What the task requires ::
Look below for the lines from the one with "(* Take for" to the one with "u true) p.2].", and copy exactly those lines, both ends included.

[Dataset entries]
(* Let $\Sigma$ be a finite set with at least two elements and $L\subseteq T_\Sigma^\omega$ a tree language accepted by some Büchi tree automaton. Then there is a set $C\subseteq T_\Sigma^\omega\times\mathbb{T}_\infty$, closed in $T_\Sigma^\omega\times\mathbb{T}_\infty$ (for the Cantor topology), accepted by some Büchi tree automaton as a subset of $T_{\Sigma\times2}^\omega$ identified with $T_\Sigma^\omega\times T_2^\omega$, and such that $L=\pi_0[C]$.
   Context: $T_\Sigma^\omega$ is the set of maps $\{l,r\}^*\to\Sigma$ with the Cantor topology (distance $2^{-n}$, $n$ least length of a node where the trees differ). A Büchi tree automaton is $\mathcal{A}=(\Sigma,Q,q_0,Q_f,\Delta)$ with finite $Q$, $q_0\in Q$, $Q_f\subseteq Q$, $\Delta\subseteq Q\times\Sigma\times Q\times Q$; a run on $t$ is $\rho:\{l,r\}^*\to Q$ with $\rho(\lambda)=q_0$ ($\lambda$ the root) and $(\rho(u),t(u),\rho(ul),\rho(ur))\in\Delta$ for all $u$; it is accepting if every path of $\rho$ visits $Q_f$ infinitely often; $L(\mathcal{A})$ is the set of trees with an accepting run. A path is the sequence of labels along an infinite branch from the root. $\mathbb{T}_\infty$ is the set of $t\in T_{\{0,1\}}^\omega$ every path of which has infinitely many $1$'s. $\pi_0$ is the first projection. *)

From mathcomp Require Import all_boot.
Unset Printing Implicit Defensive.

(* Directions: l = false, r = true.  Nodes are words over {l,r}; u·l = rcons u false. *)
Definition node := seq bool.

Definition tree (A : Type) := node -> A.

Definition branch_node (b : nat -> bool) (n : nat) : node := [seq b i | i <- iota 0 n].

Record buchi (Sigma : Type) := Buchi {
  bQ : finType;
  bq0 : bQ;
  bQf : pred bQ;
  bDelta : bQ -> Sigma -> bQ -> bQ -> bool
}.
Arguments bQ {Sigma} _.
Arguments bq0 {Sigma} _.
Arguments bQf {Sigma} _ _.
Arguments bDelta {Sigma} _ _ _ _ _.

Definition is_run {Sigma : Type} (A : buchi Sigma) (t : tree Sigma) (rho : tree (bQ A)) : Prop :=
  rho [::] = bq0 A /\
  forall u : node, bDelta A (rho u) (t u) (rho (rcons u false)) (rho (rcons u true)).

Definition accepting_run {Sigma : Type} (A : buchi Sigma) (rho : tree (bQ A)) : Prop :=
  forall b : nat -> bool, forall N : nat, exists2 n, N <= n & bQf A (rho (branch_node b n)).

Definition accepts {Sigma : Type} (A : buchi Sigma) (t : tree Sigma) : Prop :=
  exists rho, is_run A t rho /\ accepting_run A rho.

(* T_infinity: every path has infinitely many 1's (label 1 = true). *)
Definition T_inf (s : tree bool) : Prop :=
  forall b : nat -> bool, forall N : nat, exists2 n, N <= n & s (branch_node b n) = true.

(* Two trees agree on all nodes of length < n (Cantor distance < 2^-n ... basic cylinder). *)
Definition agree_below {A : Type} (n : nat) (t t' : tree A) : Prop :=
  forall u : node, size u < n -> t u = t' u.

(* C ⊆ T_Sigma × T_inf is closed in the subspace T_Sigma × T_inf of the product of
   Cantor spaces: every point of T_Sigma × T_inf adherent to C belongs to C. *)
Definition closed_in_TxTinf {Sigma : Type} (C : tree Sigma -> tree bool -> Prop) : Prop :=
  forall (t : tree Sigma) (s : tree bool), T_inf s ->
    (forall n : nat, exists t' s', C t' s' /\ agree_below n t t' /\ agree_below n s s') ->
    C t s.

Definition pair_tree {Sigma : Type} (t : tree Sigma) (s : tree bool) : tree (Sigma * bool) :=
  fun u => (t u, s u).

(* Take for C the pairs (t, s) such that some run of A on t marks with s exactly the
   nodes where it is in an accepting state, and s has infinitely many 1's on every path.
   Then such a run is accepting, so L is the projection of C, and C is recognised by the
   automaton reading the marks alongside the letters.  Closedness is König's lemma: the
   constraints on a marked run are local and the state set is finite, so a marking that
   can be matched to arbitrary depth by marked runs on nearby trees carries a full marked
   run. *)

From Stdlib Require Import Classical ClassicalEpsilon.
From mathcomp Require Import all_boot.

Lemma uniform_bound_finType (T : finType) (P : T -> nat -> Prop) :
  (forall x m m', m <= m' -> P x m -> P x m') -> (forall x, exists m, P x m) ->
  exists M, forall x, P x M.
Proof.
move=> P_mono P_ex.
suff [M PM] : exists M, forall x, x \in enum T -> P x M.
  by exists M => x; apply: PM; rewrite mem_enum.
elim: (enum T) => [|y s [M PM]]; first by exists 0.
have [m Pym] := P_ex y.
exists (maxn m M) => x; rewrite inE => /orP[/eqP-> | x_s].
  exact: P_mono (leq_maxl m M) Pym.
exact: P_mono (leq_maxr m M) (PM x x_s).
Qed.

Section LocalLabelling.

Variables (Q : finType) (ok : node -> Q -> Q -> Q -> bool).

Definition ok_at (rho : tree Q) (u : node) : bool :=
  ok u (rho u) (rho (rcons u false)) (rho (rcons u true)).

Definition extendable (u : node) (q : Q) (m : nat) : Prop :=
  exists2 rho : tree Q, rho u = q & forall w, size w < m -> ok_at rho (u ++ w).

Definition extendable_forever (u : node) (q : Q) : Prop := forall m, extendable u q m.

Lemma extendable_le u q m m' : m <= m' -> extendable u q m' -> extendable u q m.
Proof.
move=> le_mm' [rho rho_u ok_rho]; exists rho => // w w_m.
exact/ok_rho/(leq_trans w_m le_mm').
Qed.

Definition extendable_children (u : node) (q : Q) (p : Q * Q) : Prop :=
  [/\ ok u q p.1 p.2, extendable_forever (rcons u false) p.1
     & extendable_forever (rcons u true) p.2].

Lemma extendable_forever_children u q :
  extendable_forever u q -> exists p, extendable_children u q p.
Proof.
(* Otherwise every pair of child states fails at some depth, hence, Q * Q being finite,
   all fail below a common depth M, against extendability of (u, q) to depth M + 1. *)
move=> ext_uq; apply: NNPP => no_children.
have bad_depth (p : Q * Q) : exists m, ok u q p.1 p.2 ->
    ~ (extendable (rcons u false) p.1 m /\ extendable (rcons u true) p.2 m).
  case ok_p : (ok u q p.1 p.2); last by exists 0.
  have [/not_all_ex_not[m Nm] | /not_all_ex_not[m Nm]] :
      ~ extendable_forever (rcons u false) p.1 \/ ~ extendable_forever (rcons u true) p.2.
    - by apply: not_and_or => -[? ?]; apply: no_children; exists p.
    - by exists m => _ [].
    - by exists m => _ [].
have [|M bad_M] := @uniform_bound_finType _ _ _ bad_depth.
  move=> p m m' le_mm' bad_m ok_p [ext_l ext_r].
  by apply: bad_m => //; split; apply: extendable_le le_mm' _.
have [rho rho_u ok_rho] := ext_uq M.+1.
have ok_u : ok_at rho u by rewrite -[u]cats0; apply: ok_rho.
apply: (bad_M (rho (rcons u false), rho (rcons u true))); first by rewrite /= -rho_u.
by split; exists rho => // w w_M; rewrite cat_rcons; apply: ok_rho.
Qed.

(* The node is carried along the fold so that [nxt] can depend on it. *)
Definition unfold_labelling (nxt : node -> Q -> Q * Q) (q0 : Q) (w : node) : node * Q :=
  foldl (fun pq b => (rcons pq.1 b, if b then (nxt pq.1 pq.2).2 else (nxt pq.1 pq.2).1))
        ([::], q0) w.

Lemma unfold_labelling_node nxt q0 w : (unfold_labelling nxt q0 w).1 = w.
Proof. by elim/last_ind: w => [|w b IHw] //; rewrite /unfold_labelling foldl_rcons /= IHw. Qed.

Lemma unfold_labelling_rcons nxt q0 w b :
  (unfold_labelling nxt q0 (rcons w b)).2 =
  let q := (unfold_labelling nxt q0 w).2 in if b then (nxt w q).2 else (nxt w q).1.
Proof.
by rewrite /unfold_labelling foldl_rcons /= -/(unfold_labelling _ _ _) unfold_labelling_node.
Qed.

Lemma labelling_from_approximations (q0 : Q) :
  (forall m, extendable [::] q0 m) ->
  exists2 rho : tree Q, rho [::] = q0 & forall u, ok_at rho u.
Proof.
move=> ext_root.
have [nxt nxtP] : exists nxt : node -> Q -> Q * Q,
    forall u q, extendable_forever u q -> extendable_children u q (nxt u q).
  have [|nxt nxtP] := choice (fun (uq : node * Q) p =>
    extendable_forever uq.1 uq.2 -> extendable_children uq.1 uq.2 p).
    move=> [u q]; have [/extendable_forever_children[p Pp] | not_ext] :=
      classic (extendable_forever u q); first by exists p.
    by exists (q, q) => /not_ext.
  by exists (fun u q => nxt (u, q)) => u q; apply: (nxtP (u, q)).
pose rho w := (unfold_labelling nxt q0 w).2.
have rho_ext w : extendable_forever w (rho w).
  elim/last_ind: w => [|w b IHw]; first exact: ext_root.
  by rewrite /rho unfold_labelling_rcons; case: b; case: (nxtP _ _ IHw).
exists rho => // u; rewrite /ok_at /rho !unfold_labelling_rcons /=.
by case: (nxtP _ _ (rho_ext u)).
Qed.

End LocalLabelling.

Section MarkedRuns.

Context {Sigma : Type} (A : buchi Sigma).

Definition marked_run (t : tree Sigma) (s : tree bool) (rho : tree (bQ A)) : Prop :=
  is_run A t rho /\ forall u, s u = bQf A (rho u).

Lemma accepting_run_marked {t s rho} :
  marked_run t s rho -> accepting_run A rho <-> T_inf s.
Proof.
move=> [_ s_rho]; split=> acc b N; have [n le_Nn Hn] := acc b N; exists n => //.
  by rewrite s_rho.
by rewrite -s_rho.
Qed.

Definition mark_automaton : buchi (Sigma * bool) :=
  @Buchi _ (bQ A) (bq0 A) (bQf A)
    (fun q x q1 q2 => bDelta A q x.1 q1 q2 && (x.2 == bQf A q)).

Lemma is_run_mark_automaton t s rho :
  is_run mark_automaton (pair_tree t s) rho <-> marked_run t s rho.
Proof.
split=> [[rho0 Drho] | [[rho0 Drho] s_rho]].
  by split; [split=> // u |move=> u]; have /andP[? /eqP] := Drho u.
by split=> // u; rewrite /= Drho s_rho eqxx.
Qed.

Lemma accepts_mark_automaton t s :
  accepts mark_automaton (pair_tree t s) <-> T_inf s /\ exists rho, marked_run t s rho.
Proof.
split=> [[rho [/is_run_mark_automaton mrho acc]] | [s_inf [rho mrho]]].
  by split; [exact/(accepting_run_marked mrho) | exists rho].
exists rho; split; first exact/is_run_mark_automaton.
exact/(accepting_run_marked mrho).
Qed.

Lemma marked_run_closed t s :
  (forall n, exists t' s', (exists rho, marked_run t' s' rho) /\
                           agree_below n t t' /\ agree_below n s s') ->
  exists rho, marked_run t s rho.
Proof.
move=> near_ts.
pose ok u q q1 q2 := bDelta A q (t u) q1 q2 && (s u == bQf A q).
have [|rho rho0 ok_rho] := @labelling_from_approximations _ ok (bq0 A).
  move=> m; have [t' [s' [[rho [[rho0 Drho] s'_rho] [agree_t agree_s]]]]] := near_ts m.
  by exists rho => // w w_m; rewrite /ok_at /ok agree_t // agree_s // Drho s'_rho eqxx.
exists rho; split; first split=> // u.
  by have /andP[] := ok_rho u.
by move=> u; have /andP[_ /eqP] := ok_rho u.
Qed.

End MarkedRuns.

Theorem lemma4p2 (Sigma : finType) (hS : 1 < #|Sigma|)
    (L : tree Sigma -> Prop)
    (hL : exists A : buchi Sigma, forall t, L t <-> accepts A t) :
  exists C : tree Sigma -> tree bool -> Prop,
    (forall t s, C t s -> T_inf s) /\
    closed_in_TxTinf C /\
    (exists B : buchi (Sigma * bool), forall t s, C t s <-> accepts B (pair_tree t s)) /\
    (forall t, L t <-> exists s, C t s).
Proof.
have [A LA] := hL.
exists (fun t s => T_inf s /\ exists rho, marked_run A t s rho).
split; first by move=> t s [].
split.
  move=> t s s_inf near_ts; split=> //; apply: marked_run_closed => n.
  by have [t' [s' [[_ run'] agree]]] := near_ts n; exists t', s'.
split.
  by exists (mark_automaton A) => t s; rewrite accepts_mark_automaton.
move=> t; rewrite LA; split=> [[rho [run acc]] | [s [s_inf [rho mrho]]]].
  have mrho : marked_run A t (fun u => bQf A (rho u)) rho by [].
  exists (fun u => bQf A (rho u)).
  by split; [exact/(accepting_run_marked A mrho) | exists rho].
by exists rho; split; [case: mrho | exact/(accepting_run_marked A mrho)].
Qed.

Written answer ::
(* Take for C the pairs (t, s) such that some run of A on t marks with s exactly the
   nodes where it is in an accepting state, and s has infinitely many 1's on every path.
   Then such a run is accepting, so L is the projection of C, and C is recognised by the
   automaton reading the marks alongside the letters.  Closedness is König's lemma: the
   constraints on a marked run are local and the state set is finite, so a marking that
   can be matched to arbitrary depth by marked runs on nearby trees carries a full marked
   run. *)

From Stdlib Require Import Classical ClassicalEpsilon.
From mathcomp Require Import all_boot.

Lemma uniform_bound_finType (T : finType) (P : T -> nat -> Prop) :
  (forall x m m', m <= m' -> P x m -> P x m') -> (forall x, exists m, P x m) ->
  exists M, forall x, P x M.
Proof.
move=> P_mono P_ex.
suff [M PM] : exists M, forall x, x \in enum T -> P x M.
  by exists M => x; apply: PM; rewrite mem_enum.
elim: (enum T) => [|y s [M PM]]; first by exists 0.
have [m Pym] := P_ex y.
exists (maxn m M) => x; rewrite inE => /orP[/eqP-> | x_s].
  exact: P_mono (leq_maxl m M) Pym.
exact: P_mono (leq_maxr m M) (PM x x_s).
Qed.

Section LocalLabelling.

Variables (Q : finType) (ok : node -> Q -> Q -> Q -> bool).

Definition ok_at (rho : tree Q) (u : node) : bool :=
  ok u (rho u) (rho (rcons u false)) (rho (rcons u true)).

Definition extendable (u : node) (q : Q) (m : nat) : Prop :=
  exists2 rho : tree Q, rho u = q & forall w, size w < m -> ok_at rho (u ++ w).

Definition extendable_forever (u : node) (q : Q) : Prop := forall m, extendable u q m.

Lemma extendable_le u q m m' : m <= m' -> extendable u q m' -> extendable u q m.
Proof.
move=> le_mm' [rho rho_u ok_rho]; exists rho => // w w_m.
exact/ok_rho/(leq_trans w_m le_mm').
Qed.

Definition extendable_children (u : node) (q : Q) (p : Q * Q) : Prop :=
  [/\ ok u q p.1 p.2, extendable_forever (rcons u false) p.1
     & extendable_forever (rcons u true) p.2].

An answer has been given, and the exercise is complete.